ASSIGNED TASK:
Only the lines below starting at the one containing "move=> dm_k; apply/matrixP => i j; rewrite !mxE." and ending at the one containing "Lemma dcomp_mul_circKV (k" belong in the answer, each copied exactly.

Collected data:
=== Section Start ===

(* Let $K$ be a field of characteristic $0$, $e\ge 2$, $A,B\in M_e(K)$, $d\in(\mathbb{Z}/e\mathbb{Z})^\times$, and let $\mathcal{K}=[\delta_{i+1,j}]_{0\le i,j\le e-1}\in M_e(K)$ be the circulant matrix (indices modulo $e$). For $0\le l\le e-1$: (i) $\mathcal{K}^l(A\overset{d}{\ast}B)=A\overset{d}{\ast}(\mathcal{K}^lB)=(\mathcal{K}^{-d^{-1}l}A)\overset{d}{\ast}B$; (ii) $(A\overset{d}{\ast}B)\mathcal{K}^l=A\overset{d}{\ast}(B\mathcal{K}^l)=(A\mathcal{K}^{-d^{-1}l})\overset{d}{\ast}B$.
   Context: For $A=[a_{i,j}],B=[b_{i,j}]\in M_e(K)$ (indices modulo $e$) and $d\in(\mathbb{Z}/e\mathbb{Z})\setminus\{0\}$, the $d$-composition is $A\overset{d}{\ast}B=\big[\sum_{s=0}^{e-1}\sum_{t=0}^{e-1}a_{s,t}b_{ds+i,dt+j}\big]_{0\le i,j\le e-1}$. Here $\delta$ is Kronecker's delta, and $d^{-1}$ is the inverse of $d$ in $\mathbb{Z}/e\mathbb{Z}$. *)

From HB Require Import structures.
From mathcomp Require Import all_boot all_order all_algebra.
Set Implicit Arguments. Unset Strict Implicit. Unset Printing Implicit Defensive.
Import GRing.Theory.
Local Open Scope ring_scope.

(* Matrices of size e = n.+2 (so e >= 2); indices 'I_(n.+2) are identified
   with Z/eZ = 'Z_(n.+2) (convertible types), so index arithmetic is mod e. *)

Definition dcomp (K : fieldType) (n : nat) (d : 'Z_(n.+2))
  (A B : 'M[K]_(n.+2)) : 'M[K]_(n.+2) :=
  \matrix_(i, j) \sum_(s < n.+2) \sum_(t < n.+2)
     A s t * B (d * (s : 'Z_(n.+2)) + (i : 'Z_(n.+2)))
               (d * (t : 'Z_(n.+2)) + (j : 'Z_(n.+2))).

Definition circK (K : fieldType) (n : nat) : 'M[K]_(n.+2) :=
  \matrix_(i, j) (((j : 'Z_(n.+2)) == (i : 'Z_(n.+2)) + 1)%:R).

(* Left multiplication by the circulant K shifts the rows of a matrix up by
   one, right multiplication shifts its columns right by one, and K has order
   e.  In the d-composition the row index i of the result enters only through
   the row index d s + i of B, so shifting i by l is the same as shifting the
   rows of B by l; and since d (s + m) + i = d s + (i + l) when d m = l, it is
   also the same as reindexing the sum over s, i.e. shifting the rows of A by
   -m. *)

From HB Require Import structures.
From mathcomp Require Import all_boot all_order all_algebra.
Import GRing.Theory.
Local Open Scope ring_scope.

Section Circulant.
Variables (K : fieldType) (n : nat).
Local Notation Z := 'Z_(n.+2).
Local Notation M := 'M[K]_(n.+2).
Local Notation circK := (circK K n).

Lemma circK_mul_entry (X : M) (i j : 'I_(n.+2)) :
  (circK * X) i j = X ((i : Z) + 1) j.
Proof.
rewrite -mulmxE mxE (bigD1 ((i : Z) + 1)) //= big1 ?addr0.
  by rewrite mxE eqxx mul1r.
by move=> k /negbTE k_neq; rewrite mxE k_neq mul0r.
Qed.

Lemma mul_circK_entry (X : M) (i j : 'I_(n.+2)) :
  (X * circK) i j = X i ((j : Z) - 1).
Proof.
rewrite -mulmxE mxE (bigD1 ((j : Z) - 1)) //= big1 ?addr0.
  by rewrite mxE subrK eqxx mulr1.
move=> k k_neq; rewrite mxE; case: eqP => [j_eq|]; last by rewrite mulr0.
by move: k_neq; rewrite j_eq addrK eqxx.
Qed.

Lemma circKX_mul_entry (k : nat) (X : M) (i j : 'I_(n.+2)) :
  (circK ^+ k * X) i j = X ((i : Z) + k%:R) j.
Proof.
elim: k i => [|k IHk] i; first by rewrite expr0 mul1r addr0.
by rewrite exprS -mulrA circK_mul_entry IHk -natr1 addrA [_ + 1 + _]addrAC.
Qed.

Lemma mul_circKX_entry (k : nat) (X : M) (i j : 'I_(n.+2)) :
  (X * circK ^+ k) i j = X i ((j : Z) - k%:R).
Proof.
elim: k j => [|k IHk] j; first by rewrite expr0 mulr1 subr0.
by rewrite exprSr mulrA mul_circK_entry IHk -natr1 opprD addrA [_ - 1 - _]addrAC.
Qed.

Lemma circK_order : circK ^+ n.+2 = 1.
Proof.
apply/matrixP => i j; rewrite -[_ ^+ _]mulr1 circKX_mul_entry.
have -> : (n.+2)%:R = 0 :> Z
  by apply: val_inj; rewrite [LHS](@val_Zp_nat n.+2) // modnn.
by rewrite addr0.
Qed.

Lemma circKX_unit (k : nat) : circK ^+ k \is a GRing.unit.
Proof.
apply: unitrX; have circK_inv : circK * circK ^+ n.+1 = 1.
  by rewrite -exprS circK_order.
by case: (mulmx1_unit circK_inv).
Qed.

Lemma circKV_mul_entry (k : nat) (X : M) (i j : 'I_(n.+2)) :
  (circK ^- k * X) i j = X ((i : Z) - k%:R) j.
Proof. by rewrite -{2}[X](mulVKr (circKX_unit k)) circKX_mul_entry subrK. Qed.

Lemma mul_circKV_entry (k : nat) (X : M) (i j : 'I_(n.+2)) :
  (X * circK ^- k) i j = X i ((j : Z) + k%:R).
Proof. by rewrite -{2}[X](mulrVK (circKX_unit k)) mul_circKX_entry addrK. Qed.

Variables (d : Z) (A B : M).

Lemma circKX_mul_dcomp (k : nat) :
  circK ^+ k * dcomp d A B = dcomp d A (circK ^+ k * B).
Proof.
apply/matrixP => i j; rewrite circKX_mul_entry !mxE.
by apply: eq_bigr => s _; apply: eq_bigr => t _; rewrite circKX_mul_entry addrA.
Qed.

Lemma dcomp_mul_circKX (k : nat) :
  dcomp d A B * circK ^+ k = dcomp d A (B * circK ^+ k).
Proof.
apply/matrixP => i j; rewrite mul_circKX_entry !mxE.
by apply: eq_bigr => s _; apply: eq_bigr => t _; rewrite mul_circKX_entry addrA.
Qed.

Lemma dcomp_circKV_mul (k m : nat) : d * m%:R = k%:R ->
  dcomp d A (circK ^+ k * B) = dcomp d (circK ^- m * A) B.
Proof.
move=> dm_k; apply/matrixP => i j; rewrite !mxE.
rewrite (reindex_inj (addIr (- (m%:R : Z)))) /=.
apply: eq_bigr => s _; apply: eq_bigr => t _.
rewrite circKX_mul_entry circKV_mul_entry; congr (_ * B _ _).
by rewrite mulrDr mulrN dm_k [in LHS]addrAC subrK.
Qed.

Lemma dcomp_mul_circKV (k m : nat) : d * m%:R = k%:R ->
  dcomp d A (B * circK ^+ k) = dcomp d (A * circK ^- m) B.
Proof.
move=> dm_k; apply/matrixP => i j; rewrite !mxE; apply: eq_bigr => s _.
rewrite (reindex_inj (addIr (m%:R : Z))) /=.
apply: eq_bigr => t _.
rewrite mul_circKX_entry mul_circKV_entry; congr (_ * B _ _).
by rewrite mulrDr dm_k [in LHS]addrAC addrK.
Qed.

End Circulant.

Theorem lemma3p3 (K : fieldType) (charK : [pchar K] =i pred0) (n : nat)
  (A B : 'M[K]_(n.+2)) (d : 'Z_(n.+2)) (hd : d \is a GRing.unit)
  (l : 'I_(n.+2)) :
  let Km := circK K n in
  let m : nat := (d^-1 * (l : 'Z_(n.+2)))%R in
  (Km ^+ l * dcomp d A B = dcomp d A (Km ^+ l * B)
   /\ dcomp d A (Km ^+ l * B) = dcomp d (Km ^- m * A) B)
  /\
  (dcomp d A B * Km ^+ l = dcomp d A (B * Km ^+ l)
   /\ dcomp d A (B * Km ^+ l) = dcomp d (A * Km ^- m) B).
Proof.
move=> Km m.
have dm_l : d * (m%:R : 'Z_(n.+2)) = l%:R by rewrite !natr_Zp mulVKr.
split; split.
- exact: circKX_mul_dcomp.
- exact: dcomp_circKV_mul.
- exact: dcomp_mul_circKX.
- exact: dcomp_mul_circKV.
Qed.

=== Section End ===

EXERCISE RESPONSE:
move=> dm_k; apply/matrixP => i j; rewrite !mxE.
rewrite (reindex_inj (addIr (- (m%:R : Z)))) /=.
apply: eq_bigr => s _; apply: eq_bigr => t _.
rewrite circKX_mul_entry circKV_mul_entry; congr (_ * B _ _).
by rewrite mulrDr mulrN dm_k [in LHS]addrAC subrK.
Qed.

Lemma dcomp_mul_circKV (k m : nat) : d * m%:R = k%:R ->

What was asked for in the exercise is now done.